Люди этой синтетичной, я бы даже сказал, «компонентной», профессии очень обижены на жизнь. Они считают крайне несправедливым то, что их зачисляют даже не во второй, а в третий эшелоном великого искусства телевизионной лжи. А ведь без них ни одна ложь невозможна! Ну кто соединит между собой свет и тень и потом разведет их в правильной пропорции; кто включит звук, даст возможность тончайшей аппаратуре записать нужные колебания; кто правильно, без изломов и перекосов, сначала подключит, а потом свернет провода, аккуратно и терпеливо уложит их в кофры; кто надежно упакует хрупкие лампы; кто, в конце концов, взвалит на себя дорогостоящую камеру со штативом и сохранит всё это в достойном рабочем виде; кто при поломке или искажении картинки во время далекой командировки влезет в мистически загадочное, высокотехнологичное нутро камеры обычной отверткой, лезвием перочинного ножика и кривой медной проволочкой, и всё заработает вновь неизвестно почему!

Ну, разве это третий эшелон? Вот поэтому глаза у таких профессионалов всегда печальные, лица смазанные, а движения точные, хоть и порывистые.

Всё это пришло мне в голову немедленно, как только я вышел из машины и увидел съемочную группу. Мне о них всё известно от старины Бобовского и еще от одного нашего с ним старого приятеля, Димки Пустого. Вот уж, кто отлично знает утомительную стряпню на этой кухне… Они в этом густом бульоне целую жизнь варятся.

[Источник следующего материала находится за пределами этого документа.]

(* Let $-1\le a<1$ and $\mathfrak g=\mathfrak r_{3,a}$ (basis $\{e_1,e_2,e_3\}$, nonzero brackets $[e_1,e_2]=e_2$, $[e_1,e_3]=ae_3$), and let $\langle\cdot,\cdot\rangle_0$ be the inner product for which $\{e_1,e_2,e_3\}$ is orthonormal. An inner product $\langle\cdot,\cdot\rangle$ on $\mathfrak g$ is a solvsoliton if and only if $[\langle\cdot,\cdot\rangle]=[\langle\cdot,\cdot\rangle_0]$.
   Context: An inner product on a solvable Lie algebra $\mathfrak g$ is a solvsoliton if its Ricci operator satisfies $\mathrm{Ric}=cI+D$ for some $c\in\mathbb R$ and $D\in\mathrm{Der}(\mathfrak g)$ (Ricci operator of the metric Lie algebra defined via the Levi-Civita connection $2\langle\nabla_XY,Z\rangle=\langle[Z,X],Y\rangle+\langle X,[Z,Y]\rangle+\langle[X,Y],Z\rangle$, $R(X,Y)=[\nabla_X,\nabla_Y]-\nabla_{[X,Y]}$, $\mathrm{Ric}(X)=\sum_iR(X,e_i)e_i$ for an orthonormal basis). Two inner products are isometric up to scaling if $\langle\cdot,\cdot\rangle_1=k\langle f\cdot,f\cdot\rangle_2$ for some $k>0$ and Lie algebra automorphism $f$ of $\mathfrak g$; $[\langle\cdot,\cdot\rangle]$ denotes the equivalence class. *)

(* Vectors of g = r_{3,a} are row vectors 'rV[R]_3 in the
   basis (e_1,e_2,e_3) = (delta 0, delta 1, delta 2). *)
From HB Require Import structures.
From mathcomp Require Import all_boot all_order all_algebra.
Set Implicit Arguments. Unset Strict Implicit. Unset Printing Implicit Defensive.
Import Order.TTheory GRing.Theory Num.Theory.
Local Open Scope ring_scope.

Section R3a.
Variable R : realFieldType.

Definition vec := 'rV[R]_3.

Definition coord3 (u : vec) (i : nat) : R := u ord0 (inord i).

Definition bvec (i : 'I_3) : vec := delta_mx ord0 i.

(* Lie bracket of r_{3,a}: [e1,e2] = e2, [e1,e3] = a e3, others zero *)
Definition br (a : R) (u v : vec) : vec :=
  \row_(k < 3)
    (if val k == 0%N then 0
     else if val k == 1%N then coord3 u 0 * coord3 v 1 - coord3 u 1 * coord3 v 0
     else a * (coord3 u 0 * coord3 v 2 - coord3 u 2 * coord3 v 0)).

Алла Домнина видит меня и лучезарно улыбается, приветливо машет рукой.

«А мы уже поснимали! – кричит она мне. – Раньше вас приехали. Идите к нам на работу – научим оперативности».

Я ворчу себе под нос что-то о Пехотине, который, видимо, прежде чем начать искать меня, нашел компанию Бобовского. А я, между прочим, нашелся сам. То есть меня он выдрал из сна, но нашелся-то я все-таки сам. Уже давно!

Захожу в подъезд, смотрю наверх и начинаю подниматься пешком, а не на лифте. Это – чтобы успокоиться.

Над распростертым около двери своей квартиры телом Олега Павлера склонился молодой судебный медик, рядом сидит почти юная следователь из местной прокуратуры и растерянно стоят трое молодых местных оперативника.

«Ну, что вы тут выстроились! – ору я на своих коллег. – Весь дом уже обзвонили, обегали, опросили? Поквартирный обход был?»

Они одновременно кивают.

«Никто ничего не видел, – отвечает один из них, среднего росточка паренек с лицом рязанского крестьянина начала двадцатого столетия. – Честное слово, Максим Игоревич!»

Как меня зовут, знает, паршивец. Наверное, Пехотин уже сюда звонил, в местный отдел.

«Стилетом, прямо в сердце, одним ударом, – не поднимая глаз, явно мне говорит судебный медик. – Красивый удар, как в шекспировской трагедии. Умелый!»

Красивый удар? Бывает же такое! Режиссера-постановщика убивают классическим шекспировским ударом – в сердце, в горячее его сердце, в любящее и страдающее. Красивый удар!

Я нагибаюсь к юной прокурорше и томно шепчу ей на ухо: «Позвольте покопаться в карманах».

Она растерянно кивает и краснеет. Я усмехаюсь про себя и думаю, что только такая циничная, профессиональная скотина, как я, может кокетничать над телом человека, который пару дней назад произвел на меня самое благоприятное впечатление.

Склоняюсь над трупом и нагло шарю по карманам. Осмотр, оказывается, только-только, начался поэтому до содержимого карман руки у следственной группы еще не дошли.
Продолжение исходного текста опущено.